At the service this summer, someone said: “We all belong to the human race. That should be it.” Perhaps she’s right. Perhaps if everyone felt that way, all of our problems would be solved. But that is not the world we live in. And we humans seem to be drawn to belong to tribes and groups and nations where we feel safe and accepted. There is value in that. It fills a basic human need to be known and valued and connected to others. There was a time when our survival depended on banding together with others like us. But we live in a different world now. If we are going to survive, we will need to expand our definition of what it means to belong. We will need to understand that it does not mean fitting in; it does not mean looking or behaving or believing like everyone else. If we are going to survive, we will have to understand that belonging to each other means creating covenantal communities where each of us contributes to the good of all. If we are going to survive, we will need to take the strength and security we have within the bonds of community and family, not to turn inward and hunker down, but to turn outward to include more and more people.
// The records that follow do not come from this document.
(* Let $x\in V(T)$, let $s$ be a worst-case scenario of $T$ with respect to $x$, and let $y\in V(T)\setminus\{x\}$ be a prime broadcast center of $T$ under $s$ such that $w^{s}_{a,b}=w^{\alpha_{x,y}}_{a,b}$ for every $(a,b)\in P_{x,y}\cup E(T_{y,x})$. Let $\mu$ be the neighbour of $y$ on the $y$–$x$ path. Suppose $y$ has $h\ge1$ neighbours $u_1,\dots,u_h$ in $\bar T_{y,x}$, and let $a_1\ge a_2\ge\dots\ge a_h$ be the values $w^s_{y,u_k}+b^s(u_k,\bar T_{u_k,y})$, $1\le k\le h$, sorted in nonincreasing order. Let $\tau_0$ be the smallest index $k\in\{1,\dots,h\}$ maximizing $k\rho+a_k$. If $$w^s_{y,\mu}+b^s(\mu,T_{y,x})\ge a_{\tau_0},$$ then $\alpha_{x,y}$ is a worst-case scenario of $T$ with respect to $x$.
   Context: $T$ is a finite tree; each edge $(u,v)$ carries an interval $[w^-_{u,v},w^+_{u,v}]$ of non-negative reals. A scenario $s$ assigns to every edge a weight $w^s_{u,v}\in[w^-_{u,v},w^+_{u,v}]$; $C$ is the set of all scenarios. A constant $\rho>0$ is fixed. Broadcast time (postal model): for a subtree $G$ of $T$ and $u\in V(G)$, $b^s(u,G)=0$ if $u$ has no neighbour in $G$; otherwise, if $v_1,\dots,v_h$ are the neighbours of $u$ in $G$ and $G_{v}$ is the component of $G-u$ containing $v$, $b^s(u,G)=\min_{\pi}\max_{1\le k\le h}\big(k\rho+w^s_{u,v_{\pi(k)}}+b^s(v_{\pi(k)},G_{v_{\pi(k)}})\big)$ over permutations $\pi$. $B^s=\{u: b^s(u,T)\le b^s(v,T)\ \forall v\}$. For distinct $x,y$, $T_{x,y}$ is the component of $T-x$ containing $y$ and $\bar T_{x,y}$ the subtree induced by $V(T)\setminus V(T_{x,y})$. $P_{x,y}$ is the set of edges of the $x$–$y$ path. A vertex $\hat\kappa\in B^s$ is a prime broadcast center under $s$ if $b^s(\hat\kappa,\bar T_{\hat\kappa,u})\ge b^s(u,\bar T_{u,\hat\kappa})$ for every neighbour $u$ of $\hat\kappa$. Regret $r^s_{x,y}=b^s(x,T)-b^s(y,T)$; $\mathrm{max\_r}(x)=\max\{r^s_{x,y}:y\in V(T),s\in C\}$; $s'$ is a worst-case scenario w.r.t. $x$ if $\mathrm{max\_r}(x)=r^{s'}_{x,y'}$ for some $y'$. Base scenario: for $v\neq x$, $\alpha_{x,v}$ has $w^{\alpha_{x,v}}_{a,b}=w^+_{a,b}$ if $(a,b)\in P_{x,v}\cup E(\bar T_{v,x})$ and $w^-_{a,b}$ otherwise. *)

From HB Require Import structures.
From mathcomp Require Import all_boot all_order all_algebra.
From mathcomp Require Import boolp reals.
Set Implicit Arguments. Unset Strict Implicit. Unset Printing Implicit Defensive.
Import Order.TTheory GRing.Theory Num.Theory.
Local Open Scope ring_scope.

Section Broadcast.
Variables (R : realType) (V : finType) (e : rel V).

(** A finite tree: e symmetric, irreflexive, connected, with |V|-1 edges
    (each undirected edge counted as two ordered pairs). *)
Definition is_tree : Prop :=
  [/\ symmetric e, irreflexive e, (forall a b : V, connect e a b) &
      #|[set p : V * V | e p.1 p.2]| = ((#|V| - 1).*2)%N ].

Definition comp (S : {set V}) (u v : V) : {set V} :=
  [set z in S :\ u |
     connect (fun a b => [&& e a b, a \in S :\ u & b \in S :\ u]) v z].

Definition Tsub (x y : V) : {set V} := comp [set: V] x y.
Definition Tbar (x y : V) : {set V} := ~: Tsub x y.

Definition inE_set (G : {set V}) (a b : V) : bool := [&& e a b, a \in G & b \in G].

Definition on_path (x y a b : V) : Prop :=
  exists p : seq V, [/\ path e x p, last x p = y, uniq (x :: p) &
    exists2 i, (i < size p)%N &
      ((nth x (x :: p) i == a) && (nth x (x :: p) i.+1 == b)) ||
      ((nth x (x :: p) i == b) && (nth x (x :: p) i.+1 == a))].

Definition maxl (l : seq R) : R :=
  if l is r :: t then foldr Num.max r t else 0.
Definition minl (l : seq R) : R :=
  if l is r :: t then foldr Num.min r t else 0.

(** Broadcast time b^s(u,G) in the postal model, G given by its vertex set S,
    computed with fuel (the fuel #|S| is always sufficient). *)
Fixpoint bfuel (rho : R) (s : V -> V -> R) (n : nat) (u : V) (S : {set V}) : R :=
  match n with
  | 0 => 0
  | n'.+1 =>
    let N := enum [set v in S | e u v] in
    let c (v : V) := s u v + bfuel rho s n' v (comp S u v) in
    match N with
    | [::] => 0
    | v0 :: _ =>
      minl [seq maxl [seq (i.+1)%:R * rho + c (nth v0 q i) | i <- iota 0 (size q)]
           | q <- permutations N]
    end
  end.

Definition btime (rho : R) (s : V -> V -> R) (u : V) (S : {set V}) : R :=
  bfuel rho s #|S| u S.

Definition scenario (wlo whi s : V -> V -> R) : Prop :=
  forall a b, e a b -> wlo a b <= s a b <= whi a b /\ s a b = s b a.

Definition regret rho (s : V -> V -> R) (x y : V) : R :=
  btime rho s x [set: V] - btime rho s y [set: V].

Definition worst_case rho (wlo whi : V -> V -> R) (x : V) (s' : V -> V -> R) : Prop :=
  scenario wlo whi s' /\
  exists y', forall (s : V -> V -> R) (y : V), scenario wlo whi s ->
    regret rho s x y <= regret rho s' x y'.

Definition in_center rho (s : V -> V -> R) (u : V) : Prop :=
  forall v, btime rho s u [set: V] <= btime rho s v [set: V].

Definition prime_center rho (s : V -> V -> R) (k : V) : Prop :=
  in_center rho s k /\
  forall u, e k u -> btime rho s u (Tbar u k) <= btime rho s k (Tbar k u).

Definition alpha (wlo whi : V -> V -> R) (x v : V) : V -> V -> R :=
  fun a b => if `[< on_path x v a b \/ inE_set (Tbar v x) a b >] then whi a b
             else wlo a b.

End Broadcast.

(* Let B and B' be the times y needs to inform its side of the edge y-mu (the side
   away from x) under s and under alpha = alpha_{x,y}, and M the time mu needs to
   inform the other side under s.  The two scenarios agree on mu's side and on the
   edge y-mu, and alpha uses the upper weights on y's side, so B <= B'.  Primality of
   y gives M <= B, hence at every vertex of the path from mu to x the branch towards
   y dominates all other branches under s; it is served first, and the gain B' - B of
   alpha survives up to x: b^alpha(x) - b^s(x) >= B' - B.  At y, alpha finishes within
   max (rho + w_{y,mu} + M, rho + B'), whereas under s the condition on a_{tau0}
   yields tau0 + 1 children of cost at least a_{tau0}, so b^s(y) >= rho + B, and also
   b^s(y) >= rho + w_{y,mu} + M.  Thus r^s_{x,y} <= r^alpha_{x,y}, and since y is a
   broadcast center under s, r^s_{x,y} is already the maximal regret. *)

From Pilot Require Import Defs.
From HB Require Import structures.
From mathcomp Require Import all_boot all_order all_algebra.
From mathcomp Require Import boolp reals.
From mathcomp Require Import zify lra.
Import Order.TTheory GRing.Theory Num.Theory.
Local Open Scope ring_scope.
Set Implicit Arguments. Unset Strict Implicit. Unset Printing Implicit Defensive.

Section SeqExtrema.
Variable R : realType.

Lemma maxl_ge (l : seq R) z : z \in l -> z <= maxl l.
Proof.
case: l => [//|r t] /=; rewrite inE => /orP [/eqP ->|].
  by elim: t => [|a t IH] //=; rewrite le_max IH orbT.
elim: t => [//|a t IH]; rewrite inE => /orP [/eqP ->|z_t] /=.
  by rewrite le_max lexx.
by rewrite le_max (IH z_t) orbT.
Qed.

Lemma maxl_mem (l : seq R) : l != [::] -> maxl l \in l.
Proof.
case: l => [//|r t] _ /=; elim: t => [|a t IH] /=; first by rewrite inE.
rewrite /Num.max; case: ifP => _; last by rewrite !inE eqxx orbT.
by move: IH; rewrite !inE => /orP [->|->]; rewrite ?orbT.
Qed.

Lemma maxl_le (l : seq R) t : l != [::] -> (forall z, z \in l -> z <= t) -> maxl l <= t.
Proof. by move=> /maxl_mem l_max le_t; apply: le_t. Qed.

Lemma minl_le (l : seq R) z : z \in l -> minl l <= z.
Proof.
case: l => [//|r t] /=; rewrite inE => /orP [/eqP ->|].
  by elim: t => [|a t IH] //=; rewrite ge_min IH orbT.
elim: t => [//|a t IH]; rewrite inE => /orP [/eqP ->|z_t] /=.
  by rewrite ge_min lexx.
by rewrite ge_min (IH z_t) orbT.
Qed.

Lemma minl_mem (l : seq R) : l != [::] -> minl l \in l.
Proof.
case: l => [//|r t] _ /=; elim: t => [|a t IH] /=; first by rewrite inE.
rewrite /Num.min; case: ifP => _; first by rewrite !inE eqxx orbT.
by move: IH; rewrite !inE => /orP [->|->]; rewrite ?orbT.
Qed.

End SeqExtrema.

Lemma count_ge_nth_sorted (d : Order.disp_t) (T : orderType d) (x0 : T) (s : seq T) i :
  sorted (fun p q => (q <= p)%O) s -> (i < size s)%N ->
  (i.+1 <= count (fun r => (nth x0 s i <= r)%O) s)%N.
Proof.
move=> s_sorted i_lt.
have ge_trans : transitive (fun p q : T => (q <= p)%O).
  by move=> b c f le_bc le_fb; exact: le_trans le_fb le_bc.
rewrite -[X in count _ X](cat_take_drop i.+1 s) count_cat; apply: leq_trans (leq_addr _ _).
have size_take_i : size (take i.+1 s) = i.+1 by rewrite size_takel.
apply/eq_leq/esym/eqP; rewrite -[X in _ == X]size_take_i -all_count.
apply/(all_nthP x0) => j; rewrite size_take_i ltnS => le_ji; rewrite nth_take //.
by apply: (sorted_leq_nth ge_trans (fun r => lexx r) x0 s_sorted) => //; rewrite inE; lia.
Qed.

Lemma nth_filter_geq (T : Type) (P : pred T) x0 (q : seq T) i :
  (i < size (filter P q))%N ->
  exists2 j, (i <= j < size q)%N & nth x0 (filter P q) i = nth x0 q j.
Proof.
elim: q i => [//|a q IH] i /=; case: (P a) => /=.
  case: i => [|i] /= i_lt; first by exists 0%N.
  by have [j j_bnd E] := IH i i_lt; exists j.+1.
move=> i_lt; have [j /andP [le_ij lt_j] E] := IH i i_lt.
by exists j.+1; rewrite //= ltnS lt_j andbT leqW.
Qed.

Lemma enum_setD1 (T : finType) (A : {set T}) v : rem v (enum A) = enum (A :\ v).
Proof.
rewrite rem_filter ?enum_uniq // /enum_mem -filter_predI; apply: eq_filter => w.
by rewrite /= in_setD1.
Qed.

Lemma enum_subset_filter (T : finType) (A B : {set T}) :
  B \subset A -> enum B = filter (mem B) (enum A).
Proof.
move=> /subsetP sBA; rewrite /enum_mem -filter_predI; apply: eq_filter => w /=.
by case Bw: (w \in B); rewrite // sBA.
Qed.

Section Schedule.
Variables (R : realType) (T : eqType) (rho : R).
Hypothesis rho_ge0 : 0 <= rho.

(* [sched d q c]: the children in q are called in this order, the i-th one at time
   (i+1) rho, and child v then needs c v more; [d] is only a default for [nth].
   [best_sched] minimises over all orders and is verbatim the recursive step of
   [bfuel]. *)
Definition sched (d : T) (q : seq T) (c : T -> R) : R :=
  maxl [seq (i.+1)%:R * rho + c (nth d q i) | i <- iota 0 (size q)].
Our wonderful president Margie Ticknor came up with a visual, physical reminder that we are woven together, we belong to one another.
We are going to ask you to stand up if you are able and reach each of your hands out to someone behind you or diagonally across from you and take their hands. Don’t hold the hands of those next to you. Think of the game “twister.” We want to intertwine our arms as much as possible without leaving our seats. And when you are intertwined, look around and join us in singing Hinei Mah Tov – How good it is to be woven together.